Task description »
Return, word for word, the lines of the listing below from the one with "Import Order.TTheory GRing.Theory Num.Theory." through the one with "let R23 := mkop (fun x y : T =>", and no other lines.

Excerpted data »
╔══

(* Let $\mathcal{H}=W_{r_1}\otimes\dots\otimes W_{r_N}$ with $\dim W_{r_i}=r_i+1$, and let $\xi_1,\dots,\xi_N\in\mathbb{C}$. Assume the family of $R$-matrices described in the context satisfies the Yang–Baxter equation and the initial condition $R^{W_rW_r}(0)=P^{W_rW_r}$. Fix a site $n\in\{1,\dots,N\}$ and assume that the transfer matrices $t^{(r_i)}(\xi_i)$, $1\le i\le n$, are invertible operators on $\mathcal{H}$. Then for every operator $E^\alpha\in\operatorname{End}(W_{r_n})$, denoting by $E^\alpha_n$ its action on the $n$-th tensor factor of $\mathcal{H}$ and by $E^\alpha_0$ its action on the auxiliary space $W_0\simeq W_{r_n}$, \[ E_n^\alpha=\Big\{\prod_{i=1}^{n-1}t^{(r_i)}(\xi_i)\Big\}\,\operatorname{tr}_0\big(E_0^\alpha\,T^{(r_n)}_{0,1\dots N}(\xi_n)\big)\,\Big\{\prod_{i=1}^{n}t^{(r_i)}(\xi_i)\Big\}^{-1}. \]
   Context: For finite-dimensional spaces $W_r$ (of dimension $r+1$) one is given, for every pair $(W_r,W_s)$, an operator-valued function $R^{W_rW_s}(\lambda)\in\operatorname{End}(W_r\otimes W_s)$. For spaces labelled $a,b$ in a tensor product, $R_{ab}(\lambda)$ denotes this operator acting on factors $a,b$ (identity elsewhere). Yang–Baxter equation: for any three such spaces labelled $1,2,3$ and any $\lambda_1,\lambda_2,\lambda_3$, $R_{12}(\lambda_1-\lambda_2)R_{13}(\lambda_1-\lambda_3)R_{23}(\lambda_2-\lambda_3)=R_{23}(\lambda_2-\lambda_3)R_{13}(\lambda_1-\lambda_3)R_{12}(\lambda_1-\lambda_2)$. $P^{W_rW_r}$ is the permutation (flip) operator on $W_r\otimes W_r$. For a chosen auxiliary space $W_0$ (labelled 0) isomorphic to $W_{r_n}$, the monodromy matrix is $T^{(r_n)}_{0,1\dots N}(\lambda)=R^{W_0W_{r_N}}_{0N}(\lambda-\xi_N)\cdots R^{W_0W_{r_1}}_{01}(\lambda-\xi_1)\in\operatorname{End}(W_0\otimes\mathcal{H})$, and the transfer matrix is $t^{(r_n)}(\lambda)=\operatorname{tr}_0 T^{(r_n)}_{0,1\dots N}(\lambda)\in\operatorname{End}(\mathcal{H})$, the partial trace being over $W_0$. The transfer matrices $t^{(r_i)}(\xi_i)$ mutually commute. *)

From HB Require Import structures.
From mathcomp Require Import all_boot all_order all_algebra.
From mathcomp Require Import reals Rstruct.
From mathcomp.real_closed Require Import complex.
Set Implicit Arguments. Unset Strict Implicit. Unset Printing Implicit Defensive.
Import Order.TTheory GRing.Theory Num.Theory.
Local Open Scope ring_scope.

Definition C : numClosedFieldType := (Rdefinitions.R)[i].

(* Operators on a finite-dimensional space with basis indexed by a finType I
   are matrices 'M[C]_#|I|; mkop builds the matrix with entries f x y
   (x = output basis vector, y = input basis vector). *)
Definition mkop (I : finType) (f : I -> I -> C) : 'M[C]_#|I| :=
  \matrix_(a, b) f (enum_val a) (enum_val b).

(* W_r has basis 'I_r.+1 (dimension r+1).  An R-matrix family:
   Rm r s lam (a,b) (a',b') is the matrix entry <a b| R^{W_r W_s}(lam) |a' b'>. *)
Definition Rfamily :=
  forall r s : nat, C -> 'I_r.+1 * 'I_s.+1 -> 'I_r.+1 * 'I_s.+1 -> C.

Definition b2C (b : bool) : C := if b then 1 else 0.

Definition YBE (Rm : Rfamily) : Prop :=
  forall (r1 r2 r3 : nat) (l1 l2 l3 : C),
  let T := ('I_r1.+1 * 'I_r2.+1 * 'I_r3.+1)%type in
  let R12 := mkop (fun x y : T =>
      @Rm r1 r2 (l1 - l2) (x.1.1, x.1.2) (y.1.1, y.1.2) * b2C (x.2 == y.2)) in
  let R13 := mkop (fun x y : T =>
      @Rm r1 r3 (l1 - l3) (x.1.1, x.2) (y.1.1, y.2) * b2C (x.1.2 == y.1.2)) in
  let R23 := mkop (fun x y : T =>
      @Rm r2 r3 (l2 - l3) (x.1.2, x.2) (y.1.2, y.2) * b2C (x.1.1 == y.1.1)) in
  R12 *m R13 *m R23 = R23 *m R13 *m R12.

Definition initial_condition (Rm : Rfamily) : Prop :=
  forall (r : nat) (x y : 'I_r.+1 * 'I_r.+1),
    Rm r r 0 x y = b2C ((x.1 == y.2) && (x.2 == y.1)).

Section Chain.
Variables (N : nat) (r : 'I_N -> nat) (xi : 'I_N -> C) (Rm : Rfamily).

(* Basis of H = W_{r_1} (x) ... (x) W_{r_N} (sites indexed 0..N-1). *)
Definition Hidx : finType := {dffun forall i : 'I_N, 'I_(r i).+1}.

╚══

Solved problem »
Import Order.TTheory GRing.Theory Num.Theory.
Local Open Scope ring_scope.

Definition C : numClosedFieldType := (Rdefinitions.R)[i].

(* Operators on a finite-dimensional space with basis indexed by a finType I
   are matrices 'M[C]_#|I|; mkop builds the matrix with entries f x y
   (x = output basis vector, y = input basis vector). *)
Definition mkop (I : finType) (f : I -> I -> C) : 'M[C]_#|I| :=
  \matrix_(a, b) f (enum_val a) (enum_val b).

(* W_r has basis 'I_r.+1 (dimension r+1).  An R-matrix family:
   Rm r s lam (a,b) (a',b') is the matrix entry <a b| R^{W_r W_s}(lam) |a' b'>. *)
Definition Rfamily :=
  forall r s : nat, C -> 'I_r.+1 * 'I_s.+1 -> 'I_r.+1 * 'I_s.+1 -> C.

Definition b2C (b : bool) : C := if b then 1 else 0.

Definition YBE (Rm : Rfamily) : Prop :=
  forall (r1 r2 r3 : nat) (l1 l2 l3 : C),
  let T := ('I_r1.+1 * 'I_r2.+1 * 'I_r3.+1)%type in
  let R12 := mkop (fun x y : T =>
      @Rm r1 r2 (l1 - l2) (x.1.1, x.1.2) (y.1.1, y.1.2) * b2C (x.2 == y.2)) in
  let R13 := mkop (fun x y : T =>
      @Rm r1 r3 (l1 - l3) (x.1.1, x.2) (y.1.1, y.2) * b2C (x.1.2 == y.1.2)) in
  let R23 := mkop (fun x y : T =>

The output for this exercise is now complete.